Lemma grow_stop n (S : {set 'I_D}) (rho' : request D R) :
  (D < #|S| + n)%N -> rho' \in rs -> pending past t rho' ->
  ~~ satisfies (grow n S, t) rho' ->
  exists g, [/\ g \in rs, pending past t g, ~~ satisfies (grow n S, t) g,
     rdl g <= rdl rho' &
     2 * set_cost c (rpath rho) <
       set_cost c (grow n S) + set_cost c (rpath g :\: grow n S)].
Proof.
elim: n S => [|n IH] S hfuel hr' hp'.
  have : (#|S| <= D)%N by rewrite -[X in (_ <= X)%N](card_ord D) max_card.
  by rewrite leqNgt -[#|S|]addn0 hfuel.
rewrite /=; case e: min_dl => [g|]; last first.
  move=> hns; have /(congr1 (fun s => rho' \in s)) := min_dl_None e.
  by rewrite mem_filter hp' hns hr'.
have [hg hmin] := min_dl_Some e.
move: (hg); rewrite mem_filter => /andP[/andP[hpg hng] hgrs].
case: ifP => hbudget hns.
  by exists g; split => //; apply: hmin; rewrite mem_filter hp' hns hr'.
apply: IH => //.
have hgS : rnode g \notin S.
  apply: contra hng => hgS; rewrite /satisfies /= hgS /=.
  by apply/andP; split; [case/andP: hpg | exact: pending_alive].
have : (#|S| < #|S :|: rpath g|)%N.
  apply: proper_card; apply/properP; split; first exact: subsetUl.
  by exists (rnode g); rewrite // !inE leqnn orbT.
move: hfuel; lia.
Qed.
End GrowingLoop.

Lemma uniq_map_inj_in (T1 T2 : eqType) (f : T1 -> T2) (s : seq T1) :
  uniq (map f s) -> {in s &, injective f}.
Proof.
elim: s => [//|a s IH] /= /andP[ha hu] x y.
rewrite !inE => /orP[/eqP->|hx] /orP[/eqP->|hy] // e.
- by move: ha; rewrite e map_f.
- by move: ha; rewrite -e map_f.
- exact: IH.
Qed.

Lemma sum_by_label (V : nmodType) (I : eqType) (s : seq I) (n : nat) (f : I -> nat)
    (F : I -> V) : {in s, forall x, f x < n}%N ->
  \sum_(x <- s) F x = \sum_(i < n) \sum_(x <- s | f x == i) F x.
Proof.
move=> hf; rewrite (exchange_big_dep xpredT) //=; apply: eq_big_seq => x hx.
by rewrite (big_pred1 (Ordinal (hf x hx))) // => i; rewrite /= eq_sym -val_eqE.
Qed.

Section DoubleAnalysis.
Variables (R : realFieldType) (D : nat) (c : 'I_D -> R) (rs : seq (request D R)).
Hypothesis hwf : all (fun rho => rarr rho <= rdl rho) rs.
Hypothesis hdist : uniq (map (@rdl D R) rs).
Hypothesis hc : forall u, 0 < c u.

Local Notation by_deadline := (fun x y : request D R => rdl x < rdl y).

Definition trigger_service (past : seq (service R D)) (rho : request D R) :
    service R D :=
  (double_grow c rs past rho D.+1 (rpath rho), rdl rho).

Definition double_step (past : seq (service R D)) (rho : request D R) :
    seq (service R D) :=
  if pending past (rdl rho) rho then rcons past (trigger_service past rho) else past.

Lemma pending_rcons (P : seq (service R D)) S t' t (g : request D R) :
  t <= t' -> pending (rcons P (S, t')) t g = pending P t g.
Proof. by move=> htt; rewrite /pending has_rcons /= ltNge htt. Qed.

...

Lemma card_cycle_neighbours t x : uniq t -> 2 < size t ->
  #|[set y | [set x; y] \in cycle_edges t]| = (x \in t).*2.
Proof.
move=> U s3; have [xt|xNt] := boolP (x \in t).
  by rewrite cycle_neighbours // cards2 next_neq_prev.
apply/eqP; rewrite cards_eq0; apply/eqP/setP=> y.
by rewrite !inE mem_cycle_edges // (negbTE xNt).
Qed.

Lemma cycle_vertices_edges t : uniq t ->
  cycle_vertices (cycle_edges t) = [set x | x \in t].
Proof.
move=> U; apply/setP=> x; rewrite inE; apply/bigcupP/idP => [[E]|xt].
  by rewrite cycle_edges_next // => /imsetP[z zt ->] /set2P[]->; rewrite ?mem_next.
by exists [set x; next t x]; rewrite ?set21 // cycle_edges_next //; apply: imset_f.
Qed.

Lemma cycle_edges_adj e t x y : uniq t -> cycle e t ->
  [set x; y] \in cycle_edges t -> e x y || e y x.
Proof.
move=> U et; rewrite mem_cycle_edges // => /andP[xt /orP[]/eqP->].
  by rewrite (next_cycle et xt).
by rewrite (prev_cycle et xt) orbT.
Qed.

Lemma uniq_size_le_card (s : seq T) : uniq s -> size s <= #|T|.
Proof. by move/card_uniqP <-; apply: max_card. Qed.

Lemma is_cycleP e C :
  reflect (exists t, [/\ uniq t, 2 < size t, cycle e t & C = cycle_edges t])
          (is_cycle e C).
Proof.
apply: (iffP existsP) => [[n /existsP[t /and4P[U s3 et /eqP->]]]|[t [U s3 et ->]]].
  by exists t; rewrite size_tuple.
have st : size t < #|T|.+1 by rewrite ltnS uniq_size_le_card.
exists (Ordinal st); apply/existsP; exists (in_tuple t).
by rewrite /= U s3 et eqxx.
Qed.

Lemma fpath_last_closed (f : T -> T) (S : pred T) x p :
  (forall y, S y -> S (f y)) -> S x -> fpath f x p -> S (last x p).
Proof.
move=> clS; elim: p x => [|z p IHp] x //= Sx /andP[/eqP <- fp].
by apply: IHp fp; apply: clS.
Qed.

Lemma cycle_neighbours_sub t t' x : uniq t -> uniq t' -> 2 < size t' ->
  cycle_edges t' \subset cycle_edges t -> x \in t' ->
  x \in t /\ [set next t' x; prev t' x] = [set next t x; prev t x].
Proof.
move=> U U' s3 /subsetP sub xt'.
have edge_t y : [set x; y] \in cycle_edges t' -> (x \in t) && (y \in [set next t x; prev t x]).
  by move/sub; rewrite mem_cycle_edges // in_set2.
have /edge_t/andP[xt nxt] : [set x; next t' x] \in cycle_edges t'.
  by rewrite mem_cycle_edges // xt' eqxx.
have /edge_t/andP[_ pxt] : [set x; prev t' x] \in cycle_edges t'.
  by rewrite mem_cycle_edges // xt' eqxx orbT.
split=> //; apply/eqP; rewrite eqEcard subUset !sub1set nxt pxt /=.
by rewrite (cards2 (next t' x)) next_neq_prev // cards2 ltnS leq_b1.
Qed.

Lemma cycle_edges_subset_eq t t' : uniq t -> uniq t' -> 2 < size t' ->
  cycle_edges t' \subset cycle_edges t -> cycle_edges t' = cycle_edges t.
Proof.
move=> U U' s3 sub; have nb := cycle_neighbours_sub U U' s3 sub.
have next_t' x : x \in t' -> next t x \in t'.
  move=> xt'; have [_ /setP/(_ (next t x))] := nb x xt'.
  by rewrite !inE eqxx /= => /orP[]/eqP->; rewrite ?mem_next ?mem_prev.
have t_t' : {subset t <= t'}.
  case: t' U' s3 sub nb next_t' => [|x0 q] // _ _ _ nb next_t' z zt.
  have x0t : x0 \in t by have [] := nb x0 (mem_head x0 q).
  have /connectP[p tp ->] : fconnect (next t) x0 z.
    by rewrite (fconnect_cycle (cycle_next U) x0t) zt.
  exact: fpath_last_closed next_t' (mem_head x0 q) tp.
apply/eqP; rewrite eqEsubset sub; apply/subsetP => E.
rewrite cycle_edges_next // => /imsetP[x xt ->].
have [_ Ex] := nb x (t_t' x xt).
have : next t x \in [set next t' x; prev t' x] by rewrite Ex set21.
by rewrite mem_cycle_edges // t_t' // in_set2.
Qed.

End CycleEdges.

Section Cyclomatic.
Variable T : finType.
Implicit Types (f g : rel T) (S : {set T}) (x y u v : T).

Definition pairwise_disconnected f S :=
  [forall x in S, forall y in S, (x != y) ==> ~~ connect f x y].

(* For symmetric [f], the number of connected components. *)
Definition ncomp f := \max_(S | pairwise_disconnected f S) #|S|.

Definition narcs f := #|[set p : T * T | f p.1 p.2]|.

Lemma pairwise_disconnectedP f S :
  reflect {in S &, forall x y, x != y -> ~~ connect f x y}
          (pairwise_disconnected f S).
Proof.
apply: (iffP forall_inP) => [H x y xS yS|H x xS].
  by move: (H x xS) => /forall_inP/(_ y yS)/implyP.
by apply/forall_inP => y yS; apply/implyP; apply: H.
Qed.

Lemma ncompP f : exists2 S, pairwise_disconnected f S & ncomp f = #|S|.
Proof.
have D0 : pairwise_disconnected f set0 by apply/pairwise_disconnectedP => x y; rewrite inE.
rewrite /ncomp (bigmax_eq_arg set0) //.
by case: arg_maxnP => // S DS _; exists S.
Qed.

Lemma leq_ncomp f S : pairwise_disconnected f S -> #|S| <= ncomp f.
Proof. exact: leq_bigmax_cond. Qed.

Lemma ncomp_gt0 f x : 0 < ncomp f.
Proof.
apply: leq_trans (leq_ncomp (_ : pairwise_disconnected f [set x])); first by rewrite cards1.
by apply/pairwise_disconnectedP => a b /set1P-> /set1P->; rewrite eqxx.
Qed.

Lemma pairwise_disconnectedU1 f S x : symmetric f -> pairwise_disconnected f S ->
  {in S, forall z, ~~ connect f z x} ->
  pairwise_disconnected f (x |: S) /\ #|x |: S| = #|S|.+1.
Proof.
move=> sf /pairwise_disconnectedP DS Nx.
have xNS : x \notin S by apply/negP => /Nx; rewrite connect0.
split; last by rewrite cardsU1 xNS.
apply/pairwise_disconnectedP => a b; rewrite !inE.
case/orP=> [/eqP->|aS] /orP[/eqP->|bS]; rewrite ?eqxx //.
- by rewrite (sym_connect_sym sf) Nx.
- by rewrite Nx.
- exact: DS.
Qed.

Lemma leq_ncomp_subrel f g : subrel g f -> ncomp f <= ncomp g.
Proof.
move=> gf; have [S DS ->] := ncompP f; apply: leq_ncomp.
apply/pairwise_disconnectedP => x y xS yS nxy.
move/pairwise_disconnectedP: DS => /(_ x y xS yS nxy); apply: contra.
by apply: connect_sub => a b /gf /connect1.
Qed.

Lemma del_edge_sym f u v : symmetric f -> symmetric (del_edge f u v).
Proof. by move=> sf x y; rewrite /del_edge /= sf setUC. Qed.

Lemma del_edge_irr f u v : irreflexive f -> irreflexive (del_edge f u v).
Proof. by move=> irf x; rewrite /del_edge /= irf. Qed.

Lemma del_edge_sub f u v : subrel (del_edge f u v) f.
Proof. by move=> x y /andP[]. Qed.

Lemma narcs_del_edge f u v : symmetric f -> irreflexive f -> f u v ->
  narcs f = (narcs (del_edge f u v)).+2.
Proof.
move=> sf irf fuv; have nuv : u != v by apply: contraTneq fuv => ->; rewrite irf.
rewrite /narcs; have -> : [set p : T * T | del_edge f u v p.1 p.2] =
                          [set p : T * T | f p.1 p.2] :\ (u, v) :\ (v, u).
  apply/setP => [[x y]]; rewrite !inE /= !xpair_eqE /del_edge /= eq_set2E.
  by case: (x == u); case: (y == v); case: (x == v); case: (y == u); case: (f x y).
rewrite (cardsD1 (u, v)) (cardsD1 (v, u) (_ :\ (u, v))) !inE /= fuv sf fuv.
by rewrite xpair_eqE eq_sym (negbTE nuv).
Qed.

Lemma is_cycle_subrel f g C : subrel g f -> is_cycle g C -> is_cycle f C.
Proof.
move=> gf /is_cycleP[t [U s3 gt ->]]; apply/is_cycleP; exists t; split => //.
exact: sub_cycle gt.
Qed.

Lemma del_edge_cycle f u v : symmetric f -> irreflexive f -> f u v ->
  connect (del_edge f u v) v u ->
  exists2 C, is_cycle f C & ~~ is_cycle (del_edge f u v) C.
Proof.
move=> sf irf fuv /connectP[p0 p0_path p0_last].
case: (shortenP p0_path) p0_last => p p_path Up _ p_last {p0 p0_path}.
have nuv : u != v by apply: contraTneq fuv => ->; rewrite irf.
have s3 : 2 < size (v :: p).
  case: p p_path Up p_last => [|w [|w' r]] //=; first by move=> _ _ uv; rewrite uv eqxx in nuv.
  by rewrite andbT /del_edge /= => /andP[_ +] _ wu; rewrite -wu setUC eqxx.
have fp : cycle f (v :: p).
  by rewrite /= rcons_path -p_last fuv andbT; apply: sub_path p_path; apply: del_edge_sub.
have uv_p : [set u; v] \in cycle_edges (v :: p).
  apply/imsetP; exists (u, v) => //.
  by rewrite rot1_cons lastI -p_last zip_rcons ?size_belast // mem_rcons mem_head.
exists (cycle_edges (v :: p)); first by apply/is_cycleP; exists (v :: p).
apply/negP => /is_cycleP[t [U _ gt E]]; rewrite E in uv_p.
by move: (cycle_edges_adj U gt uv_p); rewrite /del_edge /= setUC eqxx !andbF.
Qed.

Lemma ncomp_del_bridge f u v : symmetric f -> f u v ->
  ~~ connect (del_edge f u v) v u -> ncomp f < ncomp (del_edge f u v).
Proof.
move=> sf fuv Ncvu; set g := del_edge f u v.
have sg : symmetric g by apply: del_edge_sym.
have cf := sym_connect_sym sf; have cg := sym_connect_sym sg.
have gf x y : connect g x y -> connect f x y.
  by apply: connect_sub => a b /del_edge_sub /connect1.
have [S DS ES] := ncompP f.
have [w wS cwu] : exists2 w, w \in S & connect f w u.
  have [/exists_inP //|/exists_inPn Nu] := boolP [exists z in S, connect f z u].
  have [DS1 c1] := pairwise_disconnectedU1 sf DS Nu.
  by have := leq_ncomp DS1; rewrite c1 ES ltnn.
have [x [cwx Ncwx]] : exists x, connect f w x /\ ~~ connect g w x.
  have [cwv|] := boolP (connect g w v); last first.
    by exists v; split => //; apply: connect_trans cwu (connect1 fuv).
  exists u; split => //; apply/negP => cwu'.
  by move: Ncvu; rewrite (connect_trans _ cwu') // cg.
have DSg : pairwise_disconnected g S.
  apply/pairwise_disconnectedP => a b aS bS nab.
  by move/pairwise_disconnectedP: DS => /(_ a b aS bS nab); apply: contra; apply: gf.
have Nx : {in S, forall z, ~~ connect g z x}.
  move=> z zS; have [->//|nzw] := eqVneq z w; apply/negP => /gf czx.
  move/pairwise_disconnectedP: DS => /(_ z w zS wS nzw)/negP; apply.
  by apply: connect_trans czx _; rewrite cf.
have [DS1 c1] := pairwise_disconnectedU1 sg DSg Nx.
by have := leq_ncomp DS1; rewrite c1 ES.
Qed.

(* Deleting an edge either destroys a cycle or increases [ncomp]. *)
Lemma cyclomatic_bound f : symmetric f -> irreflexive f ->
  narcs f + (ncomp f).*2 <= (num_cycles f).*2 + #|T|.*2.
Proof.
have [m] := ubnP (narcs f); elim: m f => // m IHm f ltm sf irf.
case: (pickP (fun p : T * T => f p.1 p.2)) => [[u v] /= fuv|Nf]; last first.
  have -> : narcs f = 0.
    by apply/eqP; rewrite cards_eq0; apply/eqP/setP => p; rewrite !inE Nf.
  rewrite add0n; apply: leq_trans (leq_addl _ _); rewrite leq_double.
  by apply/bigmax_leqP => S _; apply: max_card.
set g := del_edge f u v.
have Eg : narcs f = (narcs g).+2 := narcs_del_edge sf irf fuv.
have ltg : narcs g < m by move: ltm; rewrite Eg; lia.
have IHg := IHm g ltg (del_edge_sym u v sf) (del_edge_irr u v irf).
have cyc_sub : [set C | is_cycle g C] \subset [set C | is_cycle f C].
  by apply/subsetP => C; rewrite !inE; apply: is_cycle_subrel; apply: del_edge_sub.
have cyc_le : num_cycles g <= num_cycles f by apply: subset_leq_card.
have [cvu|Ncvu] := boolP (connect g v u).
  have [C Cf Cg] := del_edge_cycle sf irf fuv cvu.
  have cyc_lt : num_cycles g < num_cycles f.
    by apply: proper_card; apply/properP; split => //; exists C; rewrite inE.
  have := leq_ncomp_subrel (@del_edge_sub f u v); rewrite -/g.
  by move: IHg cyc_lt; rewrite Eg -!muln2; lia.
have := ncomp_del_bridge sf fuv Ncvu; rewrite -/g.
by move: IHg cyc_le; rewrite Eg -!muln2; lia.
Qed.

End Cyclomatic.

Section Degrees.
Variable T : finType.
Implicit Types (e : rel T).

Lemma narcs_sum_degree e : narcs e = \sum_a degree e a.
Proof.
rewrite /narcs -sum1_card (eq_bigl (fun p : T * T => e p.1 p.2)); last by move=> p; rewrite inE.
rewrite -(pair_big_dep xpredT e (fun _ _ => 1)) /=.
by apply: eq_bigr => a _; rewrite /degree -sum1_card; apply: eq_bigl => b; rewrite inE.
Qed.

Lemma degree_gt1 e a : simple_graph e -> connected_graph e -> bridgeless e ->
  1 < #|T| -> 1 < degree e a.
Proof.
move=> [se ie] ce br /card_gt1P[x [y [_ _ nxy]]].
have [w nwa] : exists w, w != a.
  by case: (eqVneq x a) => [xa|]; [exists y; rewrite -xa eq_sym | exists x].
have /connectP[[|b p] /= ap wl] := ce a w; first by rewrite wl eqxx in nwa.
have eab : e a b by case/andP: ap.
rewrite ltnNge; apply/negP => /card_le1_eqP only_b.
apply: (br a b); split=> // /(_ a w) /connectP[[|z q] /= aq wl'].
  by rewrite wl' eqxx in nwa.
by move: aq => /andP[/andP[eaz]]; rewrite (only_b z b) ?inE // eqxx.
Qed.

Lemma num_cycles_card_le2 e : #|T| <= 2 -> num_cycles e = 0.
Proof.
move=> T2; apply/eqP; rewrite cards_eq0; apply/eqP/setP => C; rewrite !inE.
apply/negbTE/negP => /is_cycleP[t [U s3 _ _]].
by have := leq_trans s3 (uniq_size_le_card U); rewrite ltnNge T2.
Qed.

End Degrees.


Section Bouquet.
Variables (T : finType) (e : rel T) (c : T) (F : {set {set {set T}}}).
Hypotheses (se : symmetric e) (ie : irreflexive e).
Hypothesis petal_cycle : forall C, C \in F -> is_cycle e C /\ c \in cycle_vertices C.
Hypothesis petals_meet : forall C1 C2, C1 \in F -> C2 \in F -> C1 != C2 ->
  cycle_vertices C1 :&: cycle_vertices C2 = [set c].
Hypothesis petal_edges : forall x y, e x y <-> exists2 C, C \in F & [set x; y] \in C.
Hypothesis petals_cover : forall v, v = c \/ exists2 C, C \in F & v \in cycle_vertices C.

...

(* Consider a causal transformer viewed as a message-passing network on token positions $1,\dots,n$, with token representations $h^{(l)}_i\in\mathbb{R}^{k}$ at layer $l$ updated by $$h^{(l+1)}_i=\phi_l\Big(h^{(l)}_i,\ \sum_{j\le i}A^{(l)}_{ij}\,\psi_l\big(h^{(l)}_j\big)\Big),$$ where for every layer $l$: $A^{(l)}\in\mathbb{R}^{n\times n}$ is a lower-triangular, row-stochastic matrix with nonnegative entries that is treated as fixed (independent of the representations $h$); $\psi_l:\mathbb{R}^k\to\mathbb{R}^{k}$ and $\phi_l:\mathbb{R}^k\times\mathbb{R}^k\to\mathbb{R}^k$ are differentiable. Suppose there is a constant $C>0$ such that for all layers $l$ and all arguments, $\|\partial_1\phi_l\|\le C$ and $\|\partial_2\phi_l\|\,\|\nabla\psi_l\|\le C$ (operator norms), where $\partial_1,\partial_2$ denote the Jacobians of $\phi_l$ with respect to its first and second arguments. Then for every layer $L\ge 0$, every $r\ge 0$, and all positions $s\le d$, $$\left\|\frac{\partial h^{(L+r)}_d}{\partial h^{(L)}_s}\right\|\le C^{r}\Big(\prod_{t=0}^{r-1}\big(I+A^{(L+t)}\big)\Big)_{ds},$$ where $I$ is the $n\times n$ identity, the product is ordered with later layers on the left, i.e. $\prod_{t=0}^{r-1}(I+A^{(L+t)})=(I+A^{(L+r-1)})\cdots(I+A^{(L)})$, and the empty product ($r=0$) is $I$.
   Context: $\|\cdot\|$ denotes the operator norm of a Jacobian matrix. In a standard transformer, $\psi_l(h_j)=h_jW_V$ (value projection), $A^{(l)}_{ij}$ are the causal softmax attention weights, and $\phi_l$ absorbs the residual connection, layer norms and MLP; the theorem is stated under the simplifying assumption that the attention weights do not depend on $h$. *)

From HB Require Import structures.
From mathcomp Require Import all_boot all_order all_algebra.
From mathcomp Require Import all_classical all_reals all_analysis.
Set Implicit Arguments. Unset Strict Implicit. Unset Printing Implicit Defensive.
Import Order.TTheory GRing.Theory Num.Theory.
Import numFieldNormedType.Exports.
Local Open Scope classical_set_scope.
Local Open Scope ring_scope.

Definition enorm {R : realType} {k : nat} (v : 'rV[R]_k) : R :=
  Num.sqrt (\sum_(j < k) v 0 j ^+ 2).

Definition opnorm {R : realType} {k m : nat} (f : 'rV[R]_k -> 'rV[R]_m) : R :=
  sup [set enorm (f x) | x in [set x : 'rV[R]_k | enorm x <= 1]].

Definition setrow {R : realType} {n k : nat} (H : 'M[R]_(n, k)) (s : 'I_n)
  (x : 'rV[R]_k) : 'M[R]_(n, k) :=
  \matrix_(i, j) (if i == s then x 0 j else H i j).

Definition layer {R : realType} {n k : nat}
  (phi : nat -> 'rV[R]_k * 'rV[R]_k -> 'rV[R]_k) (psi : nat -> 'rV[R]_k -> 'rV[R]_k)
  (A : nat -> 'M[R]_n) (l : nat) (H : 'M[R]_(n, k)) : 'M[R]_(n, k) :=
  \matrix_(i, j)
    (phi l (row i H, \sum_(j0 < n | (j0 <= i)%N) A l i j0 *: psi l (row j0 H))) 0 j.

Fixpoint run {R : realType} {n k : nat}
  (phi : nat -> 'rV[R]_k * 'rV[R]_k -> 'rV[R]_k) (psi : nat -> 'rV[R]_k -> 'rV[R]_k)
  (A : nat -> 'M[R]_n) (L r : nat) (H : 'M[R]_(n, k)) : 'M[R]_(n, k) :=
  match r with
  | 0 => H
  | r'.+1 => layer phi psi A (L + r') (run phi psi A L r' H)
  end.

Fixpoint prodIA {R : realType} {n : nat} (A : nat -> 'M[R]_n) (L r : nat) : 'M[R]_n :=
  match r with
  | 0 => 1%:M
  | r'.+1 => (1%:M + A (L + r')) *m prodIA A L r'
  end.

▶ [Required work]:
Each line in the data that holds the string "ncompP" must be returned.

▶ [Response]:
Lemma ncompP f : exists2 S, pairwise_disconnected f S & ncomp f = #|S|.
move=> gf; have [S DS ->] := ncompP f; apply: leq_ncomp.
have [S DS ES] := ncompP f.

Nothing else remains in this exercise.